● EXERCISE REQUIREMENTS
Match the word "ltNge". Return each line of the data below where it appears.
● ● ● ● ● ● ●
(* There exist universal constants $0<c\le C$ such that the following holds. Let $\mathcal{X}$ be a nonempty set, $\mathcal{Y}$ a finite set with $k=|\mathcal{Y}|\ge 2$, let $\mathcal{H}\subseteq\mathcal{Y}^{\mathcal{X}}$ be the class of all constant functions, and let $r\ge 0$ be an integer. Then \[ c(k+r)\le \mathsf{opt}_{\operatorname{bandit}}^{\operatorname{obl}}(\mathcal{H},r)\le C(k+r). \]
   Context: $\mathsf{opt}_{\operatorname{bandit}}^{\operatorname{obl}}(\mathcal{H},r)$ denotes $\mathsf{opt}_{\operatorname{bandit}}^{\operatorname{obl}}(\mathcal{P}_r)$, where $\mathcal{P}_r$ is the set of finite sequences of examples $(x,y)\in\mathcal{X}\times\mathcal{Y}$ for which some $h\in\mathcal{H}$ satisfies $h(x)\neq y$ for at most $r$ of the examples. For a set $\mathcal{P}$ of finite sequences of examples, $\mathsf{opt}_{\operatorname{bandit}}^{\operatorname{obl}}(\mathcal{P})=\inf_{\text{learner}}\sup_{S\in\mathcal{P}}$ of the expected number of mistakes of the learner on $S$ under bandit feedback: in round $t$ the learner receives the instance $x_t$ of $S$, draws a prediction $\hat y_t$ from a distribution depending on past observations and $x_t$, and observes only whether $\hat y_t$ equals the label $y_t$ of $S$; a mistake is $\hat y_t\ne y_t$. *)

From HB Require Import structures.
From mathcomp Require Import all_boot all_order all_algebra.
From mathcomp Require Import all_classical reals constructive_ereal ereal Rstruct.
Set Implicit Arguments. Unset Strict Implicit. Unset Printing Implicit Defensive.
Import Order.TTheory GRing.Theory Num.Theory.
Local Open Scope ring_scope.
Local Open Scope classical_set_scope.

Notation R := Rdefinitions.R.

(* An example is a pair (x, y). A history entry records an instance,
   the learner's prediction, and the bandit feedback bit (prediction == label). *)
Definition history (X : Type) (Y : finType) := seq (X * Y * bool).

(* A randomized learner: given the history of past observations (most recent
   first) and the current instance, a distribution on Y. *)
Definition learner (X : Type) (Y : finType) :=
  history X Y -> X -> {ffun Y -> R}.

Definition is_distr (Y : finType) (p : {ffun Y -> R}) : Prop :=
  (forall y, 0 <= p y) /\ \sum_(y : Y) p y = 1.

Definition valid_learner (X : Type) (Y : finType) (L : learner X Y) : Prop :=
  forall h x, is_distr (L h x).

Fixpoint exp_mistakes (X : Type) (Y : finType) (L : learner X Y)
    (h : history X Y) (S : seq (X * Y)) : R :=
  match S with
  | [::] => 0
  | (x, y) :: S' =>
      \sum_(yh : Y) L h x yh *
        ((yh != y)%:R + exp_mistakes L ((x, yh, yh == y) :: h) S')
  end.

Definition opt_bandit_obl (X : Type) (Y : finType) (P : set (seq (X * Y)))
  : \bar R :=
  ereal_inf [set ereal_sup [set (exp_mistakes L [::] S)%:E | S in P]
            | L in [set L : learner X Y | valid_learner L]].

Definition P_r (X : Type) (Y : finType) (H : set (X -> Y)) (r : nat)
  : set (seq (X * Y)) :=
  [set S | exists2 f, H f & (count (fun e => f e.1 != e.2) S <= r)%N].

Definition opt_bandit_obl_H (X : Type) (Y : finType) (H : set (X -> Y))
  (r : nat) : \bar R := opt_bandit_obl (P_r H r).

Definition const_class (X : Type) (Y : finType) : set (X -> Y) :=
  [set f | exists y0 : Y, f = fun _ => y0].

From HB Require Import structures.
From mathcomp Require Import all_classical reals constructive_ereal ereal Rstruct.
From mathcomp Require Import all_boot all_order all_algebra.
From mathcomp Require Import zify lra ring.
Set Implicit Arguments.
Unset Strict Implicit.
Unset Printing Implicit Defensive.
Import Order.TTheory GRing.Theory Num.Theory.
Local Open Scope ring_scope.

(* Upper bound: guess uniformly until the first hit, then commit to the hit
   label with a counter that starts at k, goes up on hits and down on misses;
   the label is dropped when a miss finds the counter at 0. With y0 the best
   constant, the potential k + 1 (guessing), k - c (committed to y0 with
   counter c) or k + 2 + c (committed to another label) pays for every mistake
   up to 2 per error of y0, giving at most k + 1 + 2r mistakes.
   Lower bound: on a single instance, a miss reveals only that the guess was
   wrong, so the n-fold repetitions of the k labels cost n (k - n) mistakes in
   total, and some label forces k/8 of them for n = k/2; the k^r label
   sequences of length r cost r (1 - 1/k) >= r/2 on average. Both kinds of
   sequences are fit by a constant with at most r errors, so every learner
   makes (k + r)/16 mistakes on one of them. *)

Lemma exists_ge_mean (T : finType) (F : T -> R) (a : R) :
  (0 < #|T|)%N -> a * #|T|%:R <= \sum_i F i -> exists i, a <= F i.
Proof.
move=> /card_gt0P[i0 _]; apply: contraPP => /forallNP F_lt.
apply/negP; rewrite -ltNge mulr_natr -sumr_const.
apply: ltr_sum => [|i _]; first by apply/hasP; exists i0; rewrite ?mem_index_enum.
by rewrite ltNge; apply/negP.
Qed.

Lemma big_tuple_cons (T : finType) n (F : n.+1.-tuple T -> R) :
  \sum_(t : n.+1.-tuple T) F t = \sum_(x : T) \sum_(t : n.-tuple T) F [tuple of x :: t].
Proof.
rewrite pair_big (reindex (fun p : T * n.-tuple T => [tuple of p.1 :: p.2])) //=.
exists (fun t => (thead t, [tuple of behead t])) => [[x t] _ | t _].
  by congr pair; apply: val_inj.
by rewrite -tuple_eta.
Qed.

Lemma sum_point_mass (T : finType) (t : T) (F : T -> R) :
  \sum_(u : T) (u == t)%:R * F u = F t.
Proof.
rewrite (bigD1 t) //= eqxx mul1r big1 ?addr0 // => u /negbTE ->.
by rewrite mul0r.
Qed.

Lemma sum_indicator_neq (T : finType) (t : T) :
  \sum_(u : T) ((t != u)%:R : R) = #|T|%:R - 1.
Proof.
rewrite (bigD1 t) //= eqxx add0r (eq_bigr (fun _ => 1)) => [|u]; last first.
  by rewrite eq_sym => /negbTE->.
have T_gt0 : (0 < #|T|)%N by apply/card_gt0P; exists t.
by rewrite sumr_const cardC1 -[in RHS](prednK T_gt0) -natr1 addrK.
Qed.

Section CommitLearner.
Variables (X : Type) (Y : finType).
Local Notation k := #|Y|.

(* [None]: guessing uniformly; [Some (y, c)]: committed to [y] with counter [c]. *)
Definition commit_step (s : option (Y * nat)) (yh : Y) (hit : bool) :=
  match s with
  | None => if hit then Some (yh, k) else None
  | Some (y, c) =>
      if hit then Some (y, c.+1) else if c is c'.+1 then Some (y, c') else None
  end.

Fixpoint commit_state (h : history X Y) : option (Y * nat) :=
  if h is (_, yh, hit) :: h' then commit_step (commit_state h') yh hit else None.

Definition commit_learner : learner X Y := fun h _ =>
  if commit_state h is Some (y, _) then [ffun z => (z == y)%:R]
  else [ffun => k%:R^-1].

Lemma commit_learner_valid : (0 < k)%N -> valid_learner commit_learner.
Proof.
move=> k_gt0 h x; rewrite /commit_learner; case: commit_state => [[y _]|]; split.
- by move=> z; rewrite ffunE ler0n.
- by under eq_bigr do rewrite ffunE -[_%:R]mulr1; rewrite sum_point_mass.
- by move=> z; rewrite ffunE invr_ge0 ler0n.
- under eq_bigr do rewrite ffunE.
  have k_neq0 : k%:R != 0 :> R by rewrite pnatr_eq0 -lt0n.
  by rewrite sumr_const -[RHS](mulVf k_neq0) mulr_natr.
Qed.

Definition commit_potential (y0 : Y) (s : option (Y * nat)) : nat :=
  match s with
  | None => k.+1
  | Some (y, c) => if y == y0 then (k - c)%N else (k + 2 + c)%N
  end.

Lemma commit_potential_committed y0 y c l :
  ((y != l) + commit_potential y0 (commit_step (Some (y, c)) y (y == l))
    <= commit_potential y0 (Some (y, c)) + 2 * (y0 != l))%N.
Proof.
case: c => [|c]; have [<-|yl] := eqVneq y l; have [<-|yy0] := eqVneq y y0;
  rewrite /= ?eqxx; try rewrite (negbTE yy0); lia.
Qed.

Lemma commit_potential_exploring y0 l : (0 < k)%N ->
  (\sum_(yh : Y) ((yh != l) + commit_potential y0 (commit_step None yh (yh == l)))
    <= k * (commit_potential y0 None + 2 * (y0 != l)))%N.
Proof.
move=> k_gt0; rewrite (bigD1 l) //= eqxx.
rewrite (eq_bigr (fun _ => k.+2)) => [|yh /negbTE->//].
rewrite sum_nat_const cardC1 /=.
by case: (eqVneq l y0) => _ /=; rewrite ?subnn; case: k k_gt0 => // m _; nia.
Qed.

Lemma commit_learner_mistakes y0 S h : (0 < k)%N ->
  exp_mistakes commit_learner h S
    <= (commit_potential y0 (commit_state h) + 2 * count (fun e => y0 != e.2) S)%:R.
Proof.
move=> k_gt0; elim: S h => [|[x l] S IH] h /=; first by rewrite ler0n.
set m := count _ S.
case E: (commit_state h) => [[y c]|]; rewrite {1}/commit_learner E;
  under eq_bigr do rewrite ffunE.
- rewrite sum_point_mass.
  apply: le_trans (lerD (lexx _) (IH _)) _.
  rewrite -natrD ler_nat -/m.
  move: (commit_potential_committed y0 y c l); rewrite -E /=; lia.
- have IH' yh : exp_mistakes commit_learner ((x, yh, yh == l) :: h) S
      <= (commit_potential y0 (commit_step None yh (yh == l)) + 2 * m)%:R.
    by rewrite -E; exact: IH.
  rewrite -mulr_sumr ler_pdivrMl ?ltr0n //.
  apply: le_trans (ler_sum _ (fun yh _ => lerD (lexx _) (IH' yh))) _.
  under eq_bigr do rewrite -natrD addnA.
  rewrite -natr_sum -natrM ler_nat big_split sum_nat_const -[#|xpredT|]/k.
  by have := commit_potential_exploring y0 l k_gt0; rewrite /=; nia.
Qed.
End CommitLearner.

Section AnyLearner.
Variables (X : Type) (Y : finType) (L : learner X Y) (x0 : X).
Hypothesis L_valid : valid_learner L.
Local Notation k := #|Y|.

Lemma exp_mistakes_ge0 h S : 0 <= exp_mistakes L h S.
Proof.
elim: S h => [|[x y] S IH] h //=.
apply: sumr_ge0 => yh _; apply: mulr_ge0; first by case: (L_valid h x).
by rewrite addr_ge0 ?ler0n.
Qed.

Lemma exp_mistakes_cons h x y S :
  exp_mistakes L h ((x, y) :: S)
    = \sum_(yh : Y) L h x yh * ((yh != y)%:R + exp_mistakes L ((x, yh, yh == y) :: h) S).
Proof. by []. Qed.

Lemma sum_learner_mulr h x (a : R) : \sum_(yh : Y) L h x yh * a = a.
Proof. by rewrite -mulr_suml (proj2 (L_valid h x)) mul1r. Qed.

Lemma const_seq_mistakes_sum n h (A : {set Y}) :
  n%:R * (k%:R - #|A|%:R - n%:R)
    <= \sum_(y in ~: A) exp_mistakes L h (nseq n (x0, y)).
Proof.
elim: n h A => [|n IH] h A; first by rewrite mul0r big1.
rewrite (eq_bigr _ (fun y _ => exp_mistakes_cons h x0 y (nseq n (x0, y)))) exchange_big.
rewrite -[leLHS](sum_learner_mulr h x0); apply: ler_sum => yh _.
rewrite -mulr_sumr; apply: ler_wpM2l; first by case: (L_valid h x0).
set A' := yh |: A.
rewrite (big_setID (~: A')) setIC (setIidPl _); last by rewrite setCS subsetUr.
apply: ler_wpDr.
  by apply: sumr_ge0 => y _; rewrite addr_ge0 ?ler0n ?exp_mistakes_ge0.
(* Whatever the label y != yh, the learner sees the same miss (x0, yh, false). *)
rewrite (eq_bigr (fun y => 1 + exp_mistakes L ((x0, yh, false) :: h) (nseq n (x0, y))));
  last by move=> y; rewrite !inE negb_or eq_sym => /andP[/negbTE-> _].
rewrite big_split sumr_const; apply: le_trans (lerD (lexx _) (IH _ A')).
have card_A' : #|A'|%:R + #|~: A'|%:R = k%:R :> R by rewrite -natrD cardsC.
have card_A'_le : #|A'|%:R <= #|A|%:R + 1 :> R.
  by rewrite natr1 ler_nat cardsU1; case: (yh \notin A).
have n_ge0 : 0 <= n%:R :> R := ler0n _ n.
have : 0 <= (n%:R + 1) * (#|A|%:R + 1 - #|A'|%:R) :> R by apply: mulr_ge0; lra.
rewrite -natr1; nra.
Qed.

Lemma random_seq_mistakes_sum n h : (0 < k)%N ->
  \sum_(t : n.-tuple Y) exp_mistakes L h [seq (x0, y) | y <- t]
    = n%:R * (1 - k%:R^-1) * k%:R ^+ n.
Proof.
move=> k_gt0; have k_neq0 : k%:R != 0 :> R by rewrite pnatr_eq0 -lt0n.
elim: n h => [|n IH] h.
  by rewrite big1 ?mul0r // => t _; rewrite tuple0.
rewrite big_tuple_cons.
under eq_bigr => y _ do rewrite (eq_bigr _ (fun (t : n.-tuple Y) _ =>
  exp_mistakes_cons h x0 y [seq (x0, z) | z <- t])) exchange_big.
rewrite exchange_big -[RHS](sum_learner_mulr h x0); apply: eq_bigr => yh _.
under eq_bigr do rewrite -mulr_sumr; rewrite -mulr_sumr; congr (_ * _).
under eq_bigr do rewrite big_split /= IH sumr_const card_tuple.
rewrite big_split /= sumrMnl sum_indicator_neq sumr_const -[#|_|]/k.
by rewrite -(mulr_natr (k%:R - 1)) -(mulr_natr (n%:R * _ * _)) natrX exprS; field.
Qed.

Lemma exists_const_seq_mistakes : (2 <= k)%N ->
  exists y, k%:R / 8 <= exp_mistakes L [::] (nseq k./2 (x0, y)).
Proof.
move=> k_ge2; apply: exists_ge_mean; first by case: k k_ge2.
have := const_seq_mistakes_sum k./2 [::] set0.
rewrite cards0 subr0 (eq_bigl xpredT) => [|y]; last by rewrite !inE.
apply: le_trans.
have k_eq : k%:R = (odd k)%:R + 2 * (k./2)%:R :> R.
  by rewrite -[in LHS](odd_double_half k) natrD -muln2 natrM mulrC.
have odd_le1 : (odd k)%:R <= 1 :> R by rewrite lern1 leq_b1.
have odd_ge0 : 0 <= (odd k)%:R :> R := ler0n _ _.
have half_ge1 : 1 <= (k./2)%:R :> R by rewrite ler1n; case: k k_ge2 => [|[]].
rewrite k_eq; nra.
Qed.

Lemma exists_random_seq_mistakes r : (2 <= k)%N ->
  exists t : r.-tuple Y, r%:R / 2 <= exp_mistakes L [::] [seq (x0, y) | y <- t].
Proof.
move=> k_ge2; have k_gt0 : (0 < k)%N by case: k k_ge2.
apply: exists_ge_mean; first by rewrite card_tuple expn_gt0 k_gt0.
rewrite random_seq_mistakes_sum // card_tuple natrX.
apply: ler_wpM2r; first by rewrite exprn_ge0.
apply: ler_wpM2l; first exact: ler0n.
have : k%:R^-1 <= 2^-1 :> R by rewrite lef_pV2 ?posrE ?ler_nat ?ltr0n.
lra.
Qed.
End AnyLearner.

Lemma opt_const_class_le (X : Type) (Y : finType) (r : nat) : (0 < #|Y|)%N ->
  (opt_bandit_obl_H (@const_class X Y) r <= (2 * (#|Y|%:R + r%:R))%:E)%E.
Proof.
move=> k_gt0; apply: ereal_inf_le.
exists (ereal_sup [set (exp_mistakes (@commit_learner X Y) [::] S)%:E
                  | S in P_r (@const_class X Y) r]).
  by exists (@commit_learner X Y) => //; exact: commit_learner_valid.
apply: ge_ereal_sup => _ [S [_ [y0 ->] err_le] <-]; rewrite lee_fin.
apply: le_trans (commit_learner_mistakes y0 S [::] k_gt0) _.
have : (count (fun e => y0 != e.2) S)%:R <= r%:R :> R by rewrite ler_nat.
have : 1 <= #|Y|%:R :> R by rewrite ler1n.
by rewrite /= natrD natrM -natr1; lra.
Qed.

Lemma opt_const_class_ge (X : Type) (Y : finType) (r : nat) :
  inhabited X -> (2 <= #|Y|)%N ->
  ((1 / 16 * (#|Y|%:R + r%:R))%:E <= opt_bandit_obl_H (@const_class X Y) r)%E.
Proof.
move=> [x0] k_ge2; apply: le_ereal_inf_tmp => _ [L L_valid <-].
have [y] := exists_const_seq_mistakes x0 L_valid k_ge2.
have [t] := exists_random_seq_mistakes x0 L_valid r k_ge2.
set E1 := exp_mistakes L [::] (nseq _ _); set E2 := exp_mistakes L [::] (map _ _).
move=> E2_ge E1_ge; have r_ge0 : 0 <= r%:R :> R := ler0n _ _.
apply: ereal_sup_ge.
have [E21|E12] := lerP E2 E1; [exists E1%:E | exists E2%:E]; rewrite ?lee_fin; try lra.
- exists (nseq #|Y|./2 (x0, y)) => //; exists (fun _ => y); first by exists y.
  by rewrite count_nseq /= eqxx.
- exists (map (pair x0) t) => //; exists (fun _ => y); first by exists y.
  by apply: leq_trans (count_size _ _) _; rewrite size_map size_tuple.
Qed.

Theorem proposition6p2 :
  exists c C : R, 0 < c /\ c <= C /\
    forall (X : Type) (Y : finType) (r : nat),
      inhabited X -> (2 <= #|Y|)%N ->
      ((c * (#|Y|%:R + r%:R))%:E <= opt_bandit_obl_H (@const_class X Y) r)%E /\
      (opt_bandit_obl_H (@const_class X Y) r <= (C * (#|Y|%:R + r%:R))%:E)%E.
Proof.
exists (1 / 16), 2; split; first lra; split; first lra.
move=> X Y r X_inh k_ge2; split; first exact: opt_const_class_ge.
by apply: opt_const_class_le; case: #|Y| k_ge2.
Qed.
● ● ● ● ● ● ●
● SOLUTION FOR THIS PROBLEM
apply/negP; rewrite -ltNge mulr_natr -sumr_const.
by rewrite ltNge; apply/negP.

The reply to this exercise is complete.